Repeat precisely the span of lines below that opens with the line containing "Proof. by rewrite" and closes with the line containing "Lemma carry_int v", both included.
#### Records provided ####
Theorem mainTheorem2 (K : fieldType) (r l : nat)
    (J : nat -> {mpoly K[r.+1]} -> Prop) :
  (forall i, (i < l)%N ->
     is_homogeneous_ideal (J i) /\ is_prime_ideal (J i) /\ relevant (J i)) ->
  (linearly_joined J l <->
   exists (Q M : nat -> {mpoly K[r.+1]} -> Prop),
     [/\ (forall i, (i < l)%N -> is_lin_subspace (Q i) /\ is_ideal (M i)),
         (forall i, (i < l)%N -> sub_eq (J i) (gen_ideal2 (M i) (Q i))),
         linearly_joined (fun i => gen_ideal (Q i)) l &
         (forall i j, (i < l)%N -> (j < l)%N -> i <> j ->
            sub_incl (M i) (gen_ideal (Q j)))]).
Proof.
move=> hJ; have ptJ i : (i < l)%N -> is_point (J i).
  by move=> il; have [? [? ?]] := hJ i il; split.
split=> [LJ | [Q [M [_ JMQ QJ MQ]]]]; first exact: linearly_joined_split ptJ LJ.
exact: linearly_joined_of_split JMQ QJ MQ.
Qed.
####
#### Records provided ####
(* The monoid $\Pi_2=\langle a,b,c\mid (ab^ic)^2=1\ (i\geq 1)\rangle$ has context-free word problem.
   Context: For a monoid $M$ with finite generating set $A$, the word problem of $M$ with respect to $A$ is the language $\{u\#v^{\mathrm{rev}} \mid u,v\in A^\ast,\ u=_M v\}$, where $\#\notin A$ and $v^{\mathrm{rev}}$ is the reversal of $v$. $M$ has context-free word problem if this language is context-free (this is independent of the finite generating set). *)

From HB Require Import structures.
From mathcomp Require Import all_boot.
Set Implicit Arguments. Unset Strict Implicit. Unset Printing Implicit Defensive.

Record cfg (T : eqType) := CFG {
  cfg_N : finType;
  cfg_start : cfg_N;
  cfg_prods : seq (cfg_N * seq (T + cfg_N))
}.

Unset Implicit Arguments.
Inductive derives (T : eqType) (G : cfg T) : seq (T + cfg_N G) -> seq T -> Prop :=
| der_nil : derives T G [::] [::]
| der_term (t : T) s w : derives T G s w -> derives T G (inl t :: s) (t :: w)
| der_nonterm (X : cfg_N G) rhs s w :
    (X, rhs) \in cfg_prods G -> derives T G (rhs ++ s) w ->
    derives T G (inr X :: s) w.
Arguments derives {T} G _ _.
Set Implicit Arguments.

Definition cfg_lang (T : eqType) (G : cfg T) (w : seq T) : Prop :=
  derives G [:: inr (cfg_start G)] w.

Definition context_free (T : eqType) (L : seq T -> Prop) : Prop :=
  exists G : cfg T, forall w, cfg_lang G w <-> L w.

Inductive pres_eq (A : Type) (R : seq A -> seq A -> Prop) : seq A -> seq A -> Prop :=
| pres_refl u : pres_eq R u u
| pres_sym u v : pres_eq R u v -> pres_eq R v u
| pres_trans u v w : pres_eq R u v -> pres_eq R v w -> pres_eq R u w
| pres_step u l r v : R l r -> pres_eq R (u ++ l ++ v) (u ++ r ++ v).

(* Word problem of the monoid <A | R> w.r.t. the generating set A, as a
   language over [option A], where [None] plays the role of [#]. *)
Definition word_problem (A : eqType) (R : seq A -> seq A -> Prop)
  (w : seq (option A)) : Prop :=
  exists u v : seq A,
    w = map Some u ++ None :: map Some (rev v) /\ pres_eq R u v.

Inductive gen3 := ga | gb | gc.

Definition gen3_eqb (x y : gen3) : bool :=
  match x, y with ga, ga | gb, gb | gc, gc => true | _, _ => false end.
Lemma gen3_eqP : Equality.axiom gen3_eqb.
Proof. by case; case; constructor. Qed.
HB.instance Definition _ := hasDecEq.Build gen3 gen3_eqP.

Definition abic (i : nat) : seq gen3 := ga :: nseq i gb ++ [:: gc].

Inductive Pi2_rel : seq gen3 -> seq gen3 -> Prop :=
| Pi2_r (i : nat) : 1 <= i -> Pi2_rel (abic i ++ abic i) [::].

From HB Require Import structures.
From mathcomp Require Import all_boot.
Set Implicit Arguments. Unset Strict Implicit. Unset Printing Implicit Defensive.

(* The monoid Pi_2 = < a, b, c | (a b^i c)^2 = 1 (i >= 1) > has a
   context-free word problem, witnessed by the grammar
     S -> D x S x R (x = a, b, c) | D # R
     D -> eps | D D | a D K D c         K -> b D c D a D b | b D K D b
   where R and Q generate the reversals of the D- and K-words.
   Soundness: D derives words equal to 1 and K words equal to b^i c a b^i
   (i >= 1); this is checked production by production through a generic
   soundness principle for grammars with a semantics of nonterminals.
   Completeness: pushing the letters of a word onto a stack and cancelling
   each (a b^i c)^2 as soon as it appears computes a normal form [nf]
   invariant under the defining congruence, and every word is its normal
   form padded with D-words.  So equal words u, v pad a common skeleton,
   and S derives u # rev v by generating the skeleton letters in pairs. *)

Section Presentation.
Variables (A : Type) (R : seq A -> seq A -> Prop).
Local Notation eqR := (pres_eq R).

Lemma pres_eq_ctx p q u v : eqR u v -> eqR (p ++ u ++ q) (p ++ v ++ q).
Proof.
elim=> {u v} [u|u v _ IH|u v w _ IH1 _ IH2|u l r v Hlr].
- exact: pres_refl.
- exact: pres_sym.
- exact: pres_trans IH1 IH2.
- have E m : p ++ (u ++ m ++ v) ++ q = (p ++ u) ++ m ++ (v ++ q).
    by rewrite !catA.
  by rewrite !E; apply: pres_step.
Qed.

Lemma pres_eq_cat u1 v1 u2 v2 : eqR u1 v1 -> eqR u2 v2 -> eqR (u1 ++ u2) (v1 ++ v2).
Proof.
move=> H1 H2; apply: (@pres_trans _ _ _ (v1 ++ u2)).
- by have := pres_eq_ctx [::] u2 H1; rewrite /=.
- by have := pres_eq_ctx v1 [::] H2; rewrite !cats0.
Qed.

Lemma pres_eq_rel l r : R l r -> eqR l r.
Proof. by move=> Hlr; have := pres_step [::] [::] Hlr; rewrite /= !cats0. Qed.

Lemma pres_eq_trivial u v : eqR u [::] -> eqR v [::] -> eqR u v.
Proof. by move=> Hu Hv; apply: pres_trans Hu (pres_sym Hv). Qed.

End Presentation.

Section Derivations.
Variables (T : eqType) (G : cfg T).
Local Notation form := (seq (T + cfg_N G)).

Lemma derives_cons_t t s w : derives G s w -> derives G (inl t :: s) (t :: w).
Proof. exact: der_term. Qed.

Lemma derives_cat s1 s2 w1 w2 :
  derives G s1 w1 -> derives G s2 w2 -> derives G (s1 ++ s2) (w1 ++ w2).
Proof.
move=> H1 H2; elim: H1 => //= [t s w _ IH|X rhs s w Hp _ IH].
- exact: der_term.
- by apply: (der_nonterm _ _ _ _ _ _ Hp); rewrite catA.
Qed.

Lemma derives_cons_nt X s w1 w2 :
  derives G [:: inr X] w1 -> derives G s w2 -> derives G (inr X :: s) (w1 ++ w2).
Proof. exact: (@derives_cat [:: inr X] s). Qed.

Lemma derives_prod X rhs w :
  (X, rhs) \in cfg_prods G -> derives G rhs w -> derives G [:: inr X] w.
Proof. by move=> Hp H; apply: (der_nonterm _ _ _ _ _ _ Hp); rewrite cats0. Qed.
####
#### Records provided ####
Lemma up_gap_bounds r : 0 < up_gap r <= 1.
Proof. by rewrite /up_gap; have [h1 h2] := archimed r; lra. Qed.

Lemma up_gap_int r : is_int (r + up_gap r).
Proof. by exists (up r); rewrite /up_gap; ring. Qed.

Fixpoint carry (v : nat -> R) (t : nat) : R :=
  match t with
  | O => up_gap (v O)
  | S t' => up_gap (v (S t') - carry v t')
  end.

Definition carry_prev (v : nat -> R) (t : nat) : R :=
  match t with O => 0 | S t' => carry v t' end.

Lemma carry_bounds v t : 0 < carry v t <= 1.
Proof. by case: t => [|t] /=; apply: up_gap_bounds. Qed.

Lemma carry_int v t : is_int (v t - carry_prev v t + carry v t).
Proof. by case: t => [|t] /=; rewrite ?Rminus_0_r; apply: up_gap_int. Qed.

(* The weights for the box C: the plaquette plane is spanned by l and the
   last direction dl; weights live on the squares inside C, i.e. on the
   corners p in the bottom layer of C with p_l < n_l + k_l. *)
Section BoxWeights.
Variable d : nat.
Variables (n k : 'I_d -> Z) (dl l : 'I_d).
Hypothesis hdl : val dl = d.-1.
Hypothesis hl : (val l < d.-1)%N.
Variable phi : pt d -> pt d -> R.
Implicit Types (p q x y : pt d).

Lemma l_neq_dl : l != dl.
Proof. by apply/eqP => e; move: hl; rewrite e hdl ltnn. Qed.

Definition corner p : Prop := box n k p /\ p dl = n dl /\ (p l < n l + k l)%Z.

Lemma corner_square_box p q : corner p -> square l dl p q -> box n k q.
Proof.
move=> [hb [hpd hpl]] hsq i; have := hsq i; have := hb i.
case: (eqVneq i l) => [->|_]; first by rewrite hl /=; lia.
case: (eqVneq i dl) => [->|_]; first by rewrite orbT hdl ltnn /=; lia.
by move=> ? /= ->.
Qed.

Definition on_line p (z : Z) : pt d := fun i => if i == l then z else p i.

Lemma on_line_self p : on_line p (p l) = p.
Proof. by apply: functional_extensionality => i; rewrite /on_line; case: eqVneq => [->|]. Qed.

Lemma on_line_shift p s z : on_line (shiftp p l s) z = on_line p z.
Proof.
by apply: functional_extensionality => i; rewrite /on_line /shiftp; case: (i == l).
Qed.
####
### Task response
Proof. by rewrite /up_gap; have [h1 h2] := archimed r; lra. Qed.

Lemma up_gap_int r : is_int (r + up_gap r).
Proof. by exists (up r); rewrite /up_gap; ring. Qed.

Fixpoint carry (v : nat -> R) (t : nat) : R :=
  match t with
  | O => up_gap (v O)
  | S t' => up_gap (v (S t') - carry v t')
  end.

Definition carry_prev (v : nat -> R) (t : nat) : R :=
  match t with O => 0 | S t' => carry v t' end.

Lemma carry_bounds v t : 0 < carry v t <= 1.
Proof. by case: t => [|t] /=; apply: up_gap_bounds. Qed.

Lemma carry_int v t : is_int (v t - carry_prev v t + carry v t).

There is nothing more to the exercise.